Hi, for the MPI transport option, where only MPI can be used for communication on the cluster, I’ve gotten the example from MPIClusterManagers.jl working well for my use case. However, I would like to add a heap size hint, because for very long runs, I run into out of memory problems.

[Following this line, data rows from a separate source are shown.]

(* Let $R$ be a partially ordered commutative ring with $\mathbb{N}\subseteq\mathrm{Loc}(R)$, let $\varphi\in\mathcal{K}(R)$ and let $U$ be a neighbourhood of $\varphi$ in $\mathcal{K}(R)$. Then there exists $b\in R^{\mathrm{bd}}_{\mathrm{loc}}$ such that $\varphi\in\mathrm{O}_{b,]-\infty,0[}\subseteq U$, where $\mathrm{O}_{b,]-\infty,0[}=\{\psi\in\mathcal{K}(R):\psi(b)<0\}$.
   Context: Rings are commutative with unit; ring morphisms are unital. A partially ordered commutative ring is a commutative ring $R$ with partial order $\le$, $r\le s\Rightarrow r+t\le s+t$, positive cone $R^+$ closed under multiplication and containing all squares. $\mathbb{N}=\{1,2,\dots\}$, $\mathbb{N}_0=\mathbb{N}\cup\{0\}$. $\mathrm{Loc}(R)$ is the set of $s\in1+R^+$ such that $rs\in R^+$ implies $r\in R^+$ for all $r\in R$; $\mathbb{N}\subseteq\mathrm{Loc}(R)$ means $n\cdot1\in\mathrm{Loc}(R)$ for all $n$. $R_{\mathrm{loc}}$: fractions $r/s$ ($r\in R$, $s\in\mathrm{Loc}(R)$), $r/s=r'/s'$ iff $rs'=r's$, usual operations, ordered by $p/q\le r/s$ iff $ps\le rq$. $R^{\mathrm{bd}}_{\mathrm{loc}}=\{a\in R_{\mathrm{loc}}:\exists n\in\mathbb{N}_0,\ -n\le a\le n\}$, a subring. $\mathcal{K}(R)$ is the set of ring morphisms $\varphi\colon R^{\mathrm{bd}}_{\mathrm{loc}}\to\mathbb{R}$ with $\varphi(a)\ge0$ for all $a\ge 0$, with the topology generated by the subbasis of sets $\{\varphi:\varphi(a)\in V\}$, $a\in R^{\mathrm{bd}}_{\mathrm{loc}}$, $V\subseteq\mathbb{R}$ open. *)

From HB Require Import structures.
From mathcomp Require Import all_boot all_order all_algebra.
From mathcomp Require Import all_classical all_reals.
From mathcomp Require Import topology normedtype.
Set Implicit Arguments. Unset Strict Implicit. Unset Printing Implicit Defensive.
Import Order.TTheory GRing.Theory Num.Theory.
Import numFieldNormedType.Exports.
Local Open Scope ring_scope.

Section PORing.
Variable R : comPzRingType.

Definition pocring (le : R -> R -> Prop) : Prop :=
  (forall r, le r r) /\
  (forall r s, le r s -> le s r -> r = s) /\
  (forall r s t, le r s -> le s t -> le r t) /\
  (forall r s t, le r s -> le (r + t) (s + t)) /\
  (forall r s, le 0 r -> le 0 s -> le 0 (r * s)) /\
  (forall r, le 0 (r * r)).

Variable le : R -> R -> Prop.

Definition Loc (s : R) : Prop :=
  le 0 (s - 1) /\ (forall r, le 0 (r * s) -> le 0 r).

Record frac := Frac { fnum : R; fden : R; fdenP : Loc fden }.

Definition frac_eq (a b : frac) : Prop := fnum a * fden b = fnum b * fden a.

(* bounded: exists n in N_0, -n <= a <= n, i.e. (-n)/1 <= r/s <= n/1,
   i.e. (-n) s <= r 1 and r 1 <= n s *)
Definition frac_bounded (a : frac) : Prop :=
  exists n : nat, le ((- n%:R) * fden a) (fnum a * 1) /\
                  le (fnum a * 1) (n%:R * fden a).

(* R^bd_loc, represented by bounded representatives *)
Definition bdfrac := {a : frac | frac_bounded a}.

(* Ring morphisms R^bd_loc -> Rr that are positive, written out on
   representatives: well defined on equivalence classes, unital, additive,
   multiplicative, and nonnegative on a >= 0 (0/1 <= r/s iff 0 s <= r 1). *)
Definition is_Kchar (Rr : realType) (phi : bdfrac -> Rr) : Prop :=
  [/\ (forall a b : bdfrac, frac_eq (proj1_sig a) (proj1_sig b) -> phi a = phi b),
      (forall c : bdfrac, fnum (proj1_sig c) * 1 = 1 * fden (proj1_sig c) -> phi c = 1),
      (* c = a + b = (r s' + r' s)/(s s') *)
      (forall a b c : bdfrac,
          fnum (proj1_sig c) * (fden (proj1_sig a) * fden (proj1_sig b)) =
          (fnum (proj1_sig a) * fden (proj1_sig b) + fnum (proj1_sig b) * fden (proj1_sig a)) * fden (proj1_sig c) ->
          phi c = phi a + phi b),
      (* c = a * b = (r r')/(s s') *)
      (forall a b c : bdfrac,
          fnum (proj1_sig c) * (fden (proj1_sig a) * fden (proj1_sig b)) =
          (fnum (proj1_sig a) * fnum (proj1_sig b)) * fden (proj1_sig c) ->
          phi c = phi a * phi b) &
      (forall a : bdfrac, le (0 * fden (proj1_sig a)) (fnum (proj1_sig a) * 1) -> 0 <= phi a)].

Definition Kspace (Rr : realType) := {phi : bdfrac -> Rr | is_Kchar phi}.

End PORing.

Inductive gen_open (T : Type) (S : set (set T)) : set T -> Prop :=
  | gen_open_sub A : S A -> gen_open S A
  | gen_open_T : gen_open S setT
  | gen_open_I A B : gen_open S A -> gen_open S B -> gen_open S (A `&` B)
  | gen_open_U (F : set (set T)) :
      (forall A, F A -> gen_open S A) -> gen_open S (\bigcup_(A in F) A).

Definition K_subbasis (R : comPzRingType) (le : R -> R -> Prop) (Rr : realType)
  : set (set (Kspace le Rr)) :=
  fun A => exists (a : bdfrac le) (V : set Rr),
      open V /\ A = (fun psi : Kspace le Rr => V (proj1_sig psi a)).

Definition K_open (R : comPzRingType) (le : R -> R -> Prop) (Rr : realType)
  (W : set (Kspace le Rr)) : Prop := gen_open (@K_subbasis R le Rr) W.

Definition K_nbhd (R : comPzRingType) (le : R -> R -> Prop) (Rr : realType)
  (phi : Kspace le Rr) (U : set (Kspace le Rr)) : Prop :=
  exists W, K_open W /\ W phi /\ (forall psi, W psi -> U psi).

(* An open neighbourhood of phi contains a box
   {psi | |psi(a) - phi(a)| < e for all a in s} with s finite.  Pick k in N
   with (|s| + 2) / e < k, let m_a = floor (k phi(a)) and
   b = sum_(a in s) (k a - m_a)^2 - (|s| + 1), an element of R^bd_loc.
   Then phi(b) <= |s| - (|s| + 1) < 0, whereas psi(b) < 0 forces
   (k psi(a) - m_a)^2 < |s| + 1, hence k |psi(a) - phi(a)| < |s| + 2 < k e,
   for every a in s. *)

From Pilot Require Import Defs.
From HB Require Import structures.
From mathcomp Require Import all_boot all_order all_algebra.
From mathcomp Require Import all_classical all_reals.
From mathcomp Require Import topology normedtype.
From mathcomp Require Import ring lra.
Import Order.TTheory GRing.Theory Num.Theory.
Import numFieldNormedType.Exports.
Local Open Scope ring_scope.

Section PartiallyOrderedRing.
Variables (R : comPzRingType) (le : R -> R -> Prop).
Hypothesis HR : pocring le.

Lemma po_refl r : le r r.
Proof. by case: HR. Qed.

Lemma po_trans r s t : le r s -> le s t -> le r t.
Proof. by case: HR => _ [_ [trans _]]; apply: trans. Qed.

Lemma po_addr t r s : le r s -> le (r + t) (s + t).
Proof. by case: HR => _ [_ [_ [addr _]]]; apply: addr. Qed.

Lemma po_mul_ge0 r s : le 0 r -> le 0 s -> le 0 (r * s).
Proof. by case: HR => _ [_ [_ [_ [mul _]]]]; apply: mul. Qed.

Lemma po_sqr_ge0 r : le 0 (r * r).
Proof. by case: HR => _ [_ [_ [_ [_ sqr]]]]; apply: sqr. Qed.

Lemma po_subr_ge0 r s : le r s <-> le 0 (s - r).
Proof.
split=> [/(po_addr (- r))|/(po_addr r)]; first by rewrite subrr.
by rewrite add0r subrK.
Qed.

Lemma po_add_ge0 r s : le 0 r -> le 0 s -> le 0 (r + s).
Proof. by move=> /(po_addr s); rewrite add0r => /[swap]; apply: po_trans. Qed.

Lemma po_nat_ge0 n : le 0 n%:R.
Proof.
elim: n => [|n IHn]; first exact: po_refl.
by rewrite mulrS; apply: po_add_ge0 IHn; rewrite -[1]mulr1; apply: po_sqr_ge0.
Qed.

Lemma Loc_ge0 {s : R} : Loc le s -> le 0 s.
Proof.
case=> s1_ge0 _; rewrite -(subrK 1 s).
by apply: po_add_ge0 s1_ge0 _; rewrite -[1]mulr1; apply: po_sqr_ge0.
Qed.

Lemma LocM {s t : R} : Loc le s -> Loc le t -> Loc le (s * t).
Proof.
case=> s1_ge0 sK [t1_ge0 tK]; split; last by move=> r; rewrite mulrA => /tK /sK.
have -> : s * t - 1 = (s - 1) * (t - 1) + ((s - 1) + (t - 1)) by ring.
by apply: po_add_ge0; [apply: po_mul_ge0 | apply: po_add_ge0].
Qed.

Hypothesis HN : forall n : nat, Loc le n.+1%:R.

Lemma Loc1 : Loc le 1.
Proof. by have := HN 0; rewrite mulr1n. Qed.

Lemma po_halve r : le 0 (r * 2%:R) -> le 0 r.
Proof. by case: (HN 1) => _; apply. Qed.

Definition frac_add (x y : Defs.frac le) : Defs.frac le :=
  Frac (fnum x * fden y + fnum y * fden x) (LocM (fdenP x) (fdenP y)).
Definition frac_mul (x y : Defs.frac le) : Defs.frac le :=
  Frac (fnum x * fnum y) (LocM (fdenP x) (fdenP y)).
Definition frac_opp (x : Defs.frac le) : Defs.frac le := Frac (- fnum x) (fdenP x).
Definition frac_nat (n : nat) : Defs.frac le := Frac n%:R Loc1.

Lemma frac_boundedP (x : Defs.frac le) : frac_bounded x <->
  exists n : nat, le 0 (n%:R * fden x + fnum x) /\ le 0 (n%:R * fden x - fnum x).
Proof.
split=> -[n [lo hi]]; exists n.
  by move: lo hi => /po_subr_ge0 + /po_subr_ge0; rewrite mulr1 mulNr opprK addrC.
by split; apply/po_subr_ge0; rewrite mulr1 // mulNr opprK addrC.
Qed.

Lemma frac_bounded_add {x y : Defs.frac le} :
  frac_bounded x -> frac_bounded y -> frac_bounded (frac_add x y).
Proof.
move=> /frac_boundedP[n [x_lo x_hi]] /frac_boundedP[m [y_lo y_hi]].
have x_ge0 := Loc_ge0 (fdenP x); have y_ge0 := Loc_ge0 (fdenP y).
apply/frac_boundedP; exists (n + m)%N; rewrite /= natrD; split.
  have -> : (n%:R + m%:R) * (fden x * fden y) + (fnum x * fden y + fnum y * fden x)
    = (n%:R * fden x + fnum x) * fden y + (m%:R * fden y + fnum y) * fden x by ring.
  by apply: po_add_ge0; apply: po_mul_ge0.
have -> : (n%:R + m%:R) * (fden x * fden y) - (fnum x * fden y + fnum y * fden x)
  = (n%:R * fden x - fnum x) * fden y + (m%:R * fden y - fnum y) * fden x by ring.
by apply: po_add_ge0; apply: po_mul_ge0.
Qed.

Lemma frac_bounded_mul {x y : Defs.frac le} :
  frac_bounded x -> frac_bounded y -> frac_bounded (frac_mul x y).
Proof.
move=> /frac_boundedP[n [x_lo x_hi]] /frac_boundedP[m [y_lo y_hi]].
apply/frac_boundedP; exists (n * m)%N; rewrite /= natrM; split; apply: po_halve.
  have -> : (n%:R * m%:R * (fden x * fden y) + fnum x * fnum y) * 2%:R
    = (n%:R * fden x + fnum x) * (m%:R * fden y + fnum y)
      + (n%:R * fden x - fnum x) * (m%:R * fden y - fnum y) by ring.
  by apply: po_add_ge0; apply: po_mul_ge0.
have -> : (n%:R * m%:R * (fden x * fden y) - fnum x * fnum y) * 2%:R
  = (n%:R * fden x + fnum x) * (m%:R * fden y - fnum y)
    + (n%:R * fden x - fnum x) * (m%:R * fden y + fnum y) by ring.
by apply: po_add_ge0; apply: po_mul_ge0.
Qed.

Lemma frac_bounded_opp {x : Defs.frac le} : frac_bounded x -> frac_bounded (frac_opp x).
Proof. by move=> /frac_boundedP[n [lo hi]]; apply/frac_boundedP; exists n; rewrite /= opprK. Qed.

Lemma frac_bounded_nat n : frac_bounded (frac_nat n).
Proof.
apply/frac_boundedP; exists n; rewrite /= mulr1 subrr.
by split; [apply: po_add_ge0; apply: po_nat_ge0 | apply: po_refl].
Qed.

For addprocs()
, this can be done with something like
addprocs(960, exeflags=`--heap-size-hint=3G`) # 3GB per worker hint
but how in the MPI transport case, do I do this as there is no explicit addprocs()
?
My setup is to call within qsub
on PBS
mpirun -np 960 myprogram.jl
where myprogram.jl
is of the form
using MPIClusterManagers, Distributed
import MPI
MPI.Init()
rank = MPI.Comm_rank(MPI.COMM_WORLD)
sz = MPI.Comm_size(MPI.COMM_WORLD)
if rank == 0
@info "size is $sz"
end
manager = MPIClusterManagers.start_main_loop(MPI_TRANSPORT_ALL)

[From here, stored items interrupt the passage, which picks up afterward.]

(* Let $(\Gamma,f,\mu)$ be a measured Reeb graph, $\mathfrak{c}$ a balanced circulation function on $\Gamma$, and $\tilde V$ the set of exceptional points. Assume that for each exceptional point $x_i\in\tilde V$ there are a neighborhood $U_i$ of $x_i$ and a $1$-form $\beta_i$ on $U_i$ such that for each $x\in U_i\setminus\{x_i\}$, $\operatorname{sign}(\beta_i/df)(x)=-\operatorname{sign}\mathfrak{c}(x)$. Then there exists a $1$-form $\beta$ on $\Gamma$ which does not vanish on $\Gamma\setminus\tilde V$, coincides with $\beta_i$ in a neighborhood of each $x_i\in\tilde V$, and is such that the form $f\beta$ is exact.
   Context: Reeb graph: a finite connected oriented graph $\Gamma$ with continuous $f\colon\Gamma\to\mathbb{R}$ strictly increasing along edges; vertices are $1$-valent (of boundary or non-boundary type) or $3$-valent with two incoming and one outgoing edge or vice versa; at a $3$-valent vertex the trunk $e_0$ is the edge alone in its direction, the other two $e_1,e_2$ are branches. A log-smooth measure $\mu$: smooth non-vanishing density $d\mu/df$ at interior points and $1$-valent vertices; near each $3$-valent $v$, with $\tilde f=f-f(v)$, $\mu([v,x])=\varepsilon_i\psi(\tilde f(x))\ln|\tilde f(x)|+\eta_i(\tilde f(x))$ for $x\in e_i$ near $v$, where $\varepsilon_0=2,\varepsilon_1=\varepsilon_2=-1$ and $\psi,\eta_i$ are smooth near $0$ with $\psi(0)=0,\psi'(0)\neq0$, $\eta_0+\eta_1+\eta_2=0$. A measured Reeb graph is a Reeb graph with a log-smooth measure. With $V(\Gamma)$ the vertex set, a circulation function is a continuous $\mathfrak{c}\colon\Gamma\setminus V(\Gamma)\to\mathbb{R}$ with finite limits at vertices along each edge, such that $\mathfrak{c}(y)-\mathfrak{c}(x)=\int_{[x,y]}f\,d\mu$ for interior points $x,y$ of an edge pointing from $x$ to $y$, and at every non-boundary vertex the sum of limits along incoming edges equals the sum of limits along outgoing edges. It is balanced if at each $3$-valent vertex $v$ its limits $c_0(v),c_1(v),c_2(v)$ along the three adjacent edges are non-zero and of the same sign. The set of exceptional points is $\tilde V=V(\Gamma)\cup\{x\in\Gamma: f(x)=0\}\cup\{x\in\Gamma:\mathfrak{c}(x)=0\}$. A $1$-form on $\Gamma$ is an expression which locally can be written $g(f)\,df$ with $g$ a smooth function of $f$; $\beta/df$ denotes the corresponding function $g$. A $1$-form $\beta$ is exact if $\int_\ell\beta=0$ for every cycle $\ell$ in $\Gamma$. *)

From Stdlib Require Import Reals.
From Coquelicot Require Import Coquelicot.
From mathcomp Require Import ssreflect ssrfun ssrbool eqtype ssrnat seq choice fintype fingraph.

Set Implicit Arguments.
Unset Strict Implicit.
Unset Printing Implicit Defensive.

Open Scope R_scope.

(** Points of the geometric realization of a Reeb graph:
    a vertex [PV v], or the interior point [PE e t] of edge [e] at which f = t
    (an edge is parametrized by the value of f, f being strictly increasing on it).
    [PE e t] is a genuine point only when f(src e) < t < f(tgt e) (see [onG]). *)
Inductive gpoint (V E : Type) : Type :=
  | PV of V
  | PE of E & R.
Arguments PV {V E}.
Arguments PE {V E}.

Definition sgn (x : R) : R :=
  if Rlt_dec 0 x then 1 else if Rlt_dec x 0 then -1 else 0.

Definition smooth_on (g : R -> R) (a d : R) : Prop :=
  forall (n : nat) (y : R), Rabs (y - a) < d -> ex_derive_n g n y.

Definition sumE (E : finType) (P : pred E) (g : E -> R) : R :=
  foldr Rplus 0 (map g (filter P (enum E))).

Section Reeb.

Variables (V E : finType) (src tgt : E -> V) (fv : V -> R).

Definition indeg (v : V) : nat := #|[pred e : E | tgt e == v]|.
Definition outdeg (v : V) : nat := #|[pred e : E | src e == v]|.
Definition deg (v : V) : nat := (indeg v + outdeg v)%N.
Definition incident (v : V) (e : E) : bool := (src e == v) || (tgt e == v).

Definition adj : rel V := fun u w =>
  [exists e : E, ((src e == u) && (tgt e == w)) || ((src e == w) && (tgt e == u))].

Definition is_reeb_graph (bnd : pred V) : Prop :=
  (forall e, fv (src e) < fv (tgt e)) /\
  (forall u w, connect adj u w) /\
  (forall v, (deg v == 1)%N
             || ((indeg v == 2)%N && (outdeg v == 1)%N)
             || ((indeg v == 1)%N && (outdeg v == 2)%N)) /\
  (forall v, bnd v -> deg v = 1%N).

Definition trunk (v : V) (e : E) : bool :=
  incident v e && (if src e == v then (outdeg v == 1)%N else (indeg v == 1)%N).

Definition eps (v : V) (e : E) : R := if trunk v e then 2 else -1.

Definition onG (x : gpoint V E) : Prop :=
  match x with
  | PV _ => True
  | PE e t => fv (src e) < t < fv (tgt e)
  end.

Definition fpt (x : gpoint V E) : R :=
  match x with PV v => fv v | PE _ t => t end.

Definition is_vertex (x : gpoint V E) : Prop :=
  match x with PV _ => True | PE _ _ => False end.

Definition inball (x : gpoint V E) (d : R) (y : gpoint V E) : Prop :=
  match x, y with
  | PV v, PV w => v = w
  | PV v, PE e s => incident v e /\ Rabs (s - fv v) < d
  | PE e t, PE e' s => e = e' /\ Rabs (s - t) < d
  | PE _ _, PV _ => False
  end.

Definition nbhd (W : gpoint V E -> Prop) (x : gpoint V E) : Prop :=
  exists d, 0 < d /\ forall y, onG y -> inball x d y -> W y.

Definition openG (W : gpoint V E -> Prop) : Prop :=
  forall x, onG x -> W x -> nbhd W x.

(** A 1-form on W, represented by the function b = beta/df: near every point of
    W it is g(f) df with g a smooth function of f. *)
Definition oneform_on (W : gpoint V E -> Prop) (b : gpoint V E -> R) : Prop :=
  forall x, onG x -> W x ->
    exists d (g : R -> R), 0 < d /\ smooth_on g (fpt x) d /\
      forall y, onG y -> inball x d y -> W y -> b y = g (fpt y).

Definition bedge (b : gpoint V E -> R) (e : E) (t : R) : R :=
  if Rle_dec t (fv (src e)) then b (PV (src e))
  else if Rle_dec (fv (tgt e)) t then b (PV (tgt e))
  else b (PE e t).

(** integral of the 1-form f*beta along the edge e (in its orientation) *)
Definition edge_int (b : gpoint V E -> R) (e : E) : R :=
  RInt (fun t => t * bedge b e t) (fv (src e)) (fv (tgt e)).

(** cycles: closed walks of oriented edges (true = traversed forward) *)
Definition step_start (s : E * bool) : V := if s.2 then src s.1 else tgt s.1.
Definition step_end (s : E * bool) : V := if s.2 then tgt s.1 else src s.1.

Fixpoint chain (s : E * bool) (l : seq (E * bool)) : Prop :=
  match l with
  | [::] => True
  | s' :: l' => step_end s = step_start s' /\ chain s' l'
  end.

Definition closed_walk (l : seq (E * bool)) : Prop :=
  match l with
  | [::] => False
  | s :: l' => chain s l' /\ step_end (last s l') = step_start s
  end.

Definition walk_int (b : gpoint V E -> R) (l : seq (E * bool)) : R :=
  foldr Rplus 0 (map (fun s => if s.2 then edge_int b s.1 else - edge_int b s.1) l).

(** the 1-form f*beta (beta with beta/df = b) is exact *)
Definition exact_f_form (b : gpoint V E -> R) : Prop :=
  forall l, closed_walk l -> walk_int b l = 0.

(** ---- Log-smooth measure ----
    On each edge e the measure mu is described by its distribution function
    M e (as a function of f): mu of the part of e between f-values s < t is
    M e t - M e s; its density d mu / df is rho e. *)
Section Measure.
Variables (M rho : E -> R -> R).

Definition distribution_ok : Prop :=
  forall e,
    (forall t, fv (src e) < t < fv (tgt e) -> is_derive (M e) t (rho e t)) /\
    (forall t, fv (src e) <= t <= fv (tgt e) ->
       filterlim (M e) (within (fun s => fv (src e) <= s <= fv (tgt e)) (locally t))
                 (locally (M e t))).

Definition interior_density_ok : Prop :=
  forall e t, fv (src e) < t < fv (tgt e) ->
    0 < rho e t /\ forall n : nat, ex_derive_n (rho e) n t.

Definition univalent_density_ok : Prop :=
  forall v e, (deg v == 1)%N -> incident v e ->
    exists d (g : R -> R), 0 < d /\ smooth_on g (fv v) d /\ g (fv v) <> 0 /\
      forall t, fv (src e) < t < fv (tgt e) -> Rabs (t - fv v) < d -> rho e t = g t.

(** mu([v, x]) for x on the edge e incident to v with f(x) = t *)
Definition mu_from (v : V) (e : E) (t : R) : R :=
  if src e == v then M e t - M e (fv v) else M e (fv v) - M e t.

Definition trivalent_log_ok : Prop :=
  forall v, (deg v == 3)%N ->
    exists d (psi : R -> R) (eta : E -> R -> R),
      0 < d /\ smooth_on psi 0 d /\ psi 0 = 0 /\ Derive psi 0 <> 0 /\
      (forall e, incident v e -> smooth_on (eta e) 0 d) /\
      (forall s, Rabs s < d -> sumE (incident v) (fun e => eta e s) = 0) /\
      (forall e t, incident v e -> fv (src e) < t < fv (tgt e) -> Rabs (t - fv v) < d ->
         mu_from v e t
         = eps v e * psi (t - fv v) * ln (Rabs (t - fv v)) + eta e (t - fv v)).

Definition log_smooth : Prop :=
  distribution_ok /\ interior_density_ok /\ univalent_density_ok /\ trivalent_log_ok.

End Measure.

(** ---- Circulation functions ----
    c e t is the value of the circulation function at the interior point of e
    where f = t; cs e / ct e are its limits at the source / target of e. *)
Section Circulation.
Variables (rho : E -> R -> R) (bnd : pred V) (c : E -> R -> R).

Definition circ_limits (cs ct : E -> R) : Prop :=
  forall e,
    (forall t, fv (src e) < t < fv (tgt e) -> continuous (c e) t) /\
    filterlim (c e) (at_right (fv (src e))) (locally (cs e)) /\
    filterlim (c e) (at_left (fv (tgt e))) (locally (ct e)) /\
    (forall x y, fv (src e) < x -> x < y -> y < fv (tgt e) ->
       c e y - c e x = RInt (fun t => t * rho e t) x y).

Definition kirchhoff (cs ct : E -> R) : Prop :=
  forall v, ~~ bnd v ->
    sumE (fun e => tgt e == v) ct = sumE (fun e => src e == v) cs.

Definition limit_at (cs ct : E -> R) (v : V) (e : E) : R :=
  if src e == v then cs e else ct e.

@info "there are $(nworkers()) workers"
include("01_read_data.jl")
include("02_set_options.jl")
## Do stuff as normal with Distributed
@everywhere using Distributed
@everywhere using MyModule
# @sync for w in workers()
# @async remotecall_fetch(myfunc, w, myopts...) # returns nothing on completion
# end
## exit gracefully
MPIClusterManagers.stop_main_loop(manager)
rmprocs(workers())
exit()
Many thanks for any hints or experience with this situation.